What to produce >> Please transcribe the data that follows, keeping every line exact.

Available records >>
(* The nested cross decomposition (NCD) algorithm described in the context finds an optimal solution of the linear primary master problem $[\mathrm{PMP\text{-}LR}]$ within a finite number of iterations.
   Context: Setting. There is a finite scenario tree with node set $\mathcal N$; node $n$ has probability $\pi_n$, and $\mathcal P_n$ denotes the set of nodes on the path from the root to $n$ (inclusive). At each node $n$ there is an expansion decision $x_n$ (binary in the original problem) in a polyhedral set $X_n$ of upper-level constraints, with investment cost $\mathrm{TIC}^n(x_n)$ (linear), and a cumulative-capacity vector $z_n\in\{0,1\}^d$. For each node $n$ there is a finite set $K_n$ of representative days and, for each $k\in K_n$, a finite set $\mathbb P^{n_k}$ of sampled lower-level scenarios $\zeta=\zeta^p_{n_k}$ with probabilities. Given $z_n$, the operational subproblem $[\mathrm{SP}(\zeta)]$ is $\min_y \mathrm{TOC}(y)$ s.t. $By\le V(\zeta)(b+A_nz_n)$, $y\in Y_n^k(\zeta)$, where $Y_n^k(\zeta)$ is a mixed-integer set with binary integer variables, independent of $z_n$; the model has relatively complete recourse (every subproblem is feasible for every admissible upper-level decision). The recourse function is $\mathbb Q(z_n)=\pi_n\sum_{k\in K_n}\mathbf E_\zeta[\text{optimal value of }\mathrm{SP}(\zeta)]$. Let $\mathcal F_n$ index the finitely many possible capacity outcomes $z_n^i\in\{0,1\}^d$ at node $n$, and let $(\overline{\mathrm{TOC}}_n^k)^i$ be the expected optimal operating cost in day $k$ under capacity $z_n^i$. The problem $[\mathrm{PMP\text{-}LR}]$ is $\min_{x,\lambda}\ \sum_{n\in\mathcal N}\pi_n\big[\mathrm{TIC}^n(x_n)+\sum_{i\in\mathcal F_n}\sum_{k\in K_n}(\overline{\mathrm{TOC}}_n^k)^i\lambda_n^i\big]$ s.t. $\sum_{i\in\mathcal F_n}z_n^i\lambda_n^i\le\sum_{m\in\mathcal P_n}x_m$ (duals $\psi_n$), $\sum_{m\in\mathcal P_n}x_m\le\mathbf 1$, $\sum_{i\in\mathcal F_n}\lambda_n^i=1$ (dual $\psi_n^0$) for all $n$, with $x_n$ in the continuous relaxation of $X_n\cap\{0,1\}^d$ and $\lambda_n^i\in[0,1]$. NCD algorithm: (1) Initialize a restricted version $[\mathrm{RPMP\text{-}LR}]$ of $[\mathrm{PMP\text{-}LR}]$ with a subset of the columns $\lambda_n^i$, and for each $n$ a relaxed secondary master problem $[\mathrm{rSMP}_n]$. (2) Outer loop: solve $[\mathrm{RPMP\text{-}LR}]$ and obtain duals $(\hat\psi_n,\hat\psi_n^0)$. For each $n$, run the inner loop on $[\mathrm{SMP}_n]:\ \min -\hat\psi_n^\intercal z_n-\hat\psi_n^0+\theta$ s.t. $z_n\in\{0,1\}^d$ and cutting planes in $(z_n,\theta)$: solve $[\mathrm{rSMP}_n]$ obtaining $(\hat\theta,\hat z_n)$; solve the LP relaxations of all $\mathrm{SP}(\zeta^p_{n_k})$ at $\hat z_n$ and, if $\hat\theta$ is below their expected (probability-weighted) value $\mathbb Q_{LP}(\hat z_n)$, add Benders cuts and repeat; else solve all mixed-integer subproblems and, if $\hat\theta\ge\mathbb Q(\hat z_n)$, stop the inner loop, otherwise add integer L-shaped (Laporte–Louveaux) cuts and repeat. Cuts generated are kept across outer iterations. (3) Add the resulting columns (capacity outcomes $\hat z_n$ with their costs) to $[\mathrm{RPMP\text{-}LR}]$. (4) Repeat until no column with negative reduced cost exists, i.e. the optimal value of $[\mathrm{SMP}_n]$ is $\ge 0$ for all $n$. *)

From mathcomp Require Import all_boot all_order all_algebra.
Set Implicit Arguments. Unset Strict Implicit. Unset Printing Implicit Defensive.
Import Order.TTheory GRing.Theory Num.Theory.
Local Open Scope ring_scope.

Solution >>
(* The nested cross decomposition (NCD) algorithm described in the context finds an optimal solution of the linear primary master problem $[\mathrm{PMP\text{-}LR}]$ within a finite number of iterations.
   Context: Setting. There is a finite scenario tree with node set $\mathcal N$; node $n$ has probability $\pi_n$, and $\mathcal P_n$ denotes the set of nodes on the path from the root to $n$ (inclusive). At each node $n$ there is an expansion decision $x_n$ (binary in the original problem) in a polyhedral set $X_n$ of upper-level constraints, with investment cost $\mathrm{TIC}^n(x_n)$ (linear), and a cumulative-capacity vector $z_n\in\{0,1\}^d$. For each node $n$ there is a finite set $K_n$ of representative days and, for each $k\in K_n$, a finite set $\mathbb P^{n_k}$ of sampled lower-level scenarios $\zeta=\zeta^p_{n_k}$ with probabilities. Given $z_n$, the operational subproblem $[\mathrm{SP}(\zeta)]$ is $\min_y \mathrm{TOC}(y)$ s.t. $By\le V(\zeta)(b+A_nz_n)$, $y\in Y_n^k(\zeta)$, where $Y_n^k(\zeta)$ is a mixed-integer set with binary integer variables, independent of $z_n$; the model has relatively complete recourse (every subproblem is feasible for every admissible upper-level decision). The recourse function is $\mathbb Q(z_n)=\pi_n\sum_{k\in K_n}\mathbf E_\zeta[\text{optimal value of }\mathrm{SP}(\zeta)]$. Let $\mathcal F_n$ index the finitely many possible capacity outcomes $z_n^i\in\{0,1\}^d$ at node $n$, and let $(\overline{\mathrm{TOC}}_n^k)^i$ be the expected optimal operating cost in day $k$ under capacity $z_n^i$. The problem $[\mathrm{PMP\text{-}LR}]$ is $\min_{x,\lambda}\ \sum_{n\in\mathcal N}\pi_n\big[\mathrm{TIC}^n(x_n)+\sum_{i\in\mathcal F_n}\sum_{k\in K_n}(\overline{\mathrm{TOC}}_n^k)^i\lambda_n^i\big]$ s.t. $\sum_{i\in\mathcal F_n}z_n^i\lambda_n^i\le\sum_{m\in\mathcal P_n}x_m$ (duals $\psi_n$), $\sum_{m\in\mathcal P_n}x_m\le\mathbf 1$, $\sum_{i\in\mathcal F_n}\lambda_n^i=1$ (dual $\psi_n^0$) for all $n$, with $x_n$ in the continuous relaxation of $X_n\cap\{0,1\}^d$ and $\lambda_n^i\in[0,1]$. NCD algorithm: (1) Initialize a restricted version $[\mathrm{RPMP\text{-}LR}]$ of $[\mathrm{PMP\text{-}LR}]$ with a subset of the columns $\lambda_n^i$, and for each $n$ a relaxed secondary master problem $[\mathrm{rSMP}_n]$. (2) Outer loop: solve $[\mathrm{RPMP\text{-}LR}]$ and obtain duals $(\hat\psi_n,\hat\psi_n^0)$. For each $n$, run the inner loop on $[\mathrm{SMP}_n]:\ \min -\hat\psi_n^\intercal z_n-\hat\psi_n^0+\theta$ s.t. $z_n\in\{0,1\}^d$ and cutting planes in $(z_n,\theta)$: solve $[\mathrm{rSMP}_n]$ obtaining $(\hat\theta,\hat z_n)$; solve the LP relaxations of all $\mathrm{SP}(\zeta^p_{n_k})$ at $\hat z_n$ and, if $\hat\theta$ is below their expected (probability-weighted) value $\mathbb Q_{LP}(\hat z_n)$, add Benders cuts and repeat; else solve all mixed-integer subproblems and, if $\hat\theta\ge\mathbb Q(\hat z_n)$, stop the inner loop, otherwise add integer L-shaped (Laporte–Louveaux) cuts and repeat. Cuts generated are kept across outer iterations. (3) Add the resulting columns (capacity outcomes $\hat z_n$ with their costs) to $[\mathrm{RPMP\text{-}LR}]$. (4) Repeat until no column with negative reduced cost exists, i.e. the optimal value of $[\mathrm{SMP}_n]$ is $\ge 0$ for all $n$. *)

From mathcomp Require Import all_boot all_order all_algebra.
Set Implicit Arguments. Unset Strict Implicit. Unset Printing Implicit Defensive.
Import Order.TTheory GRing.Theory Num.Theory.
Local Open Scope ring_scope.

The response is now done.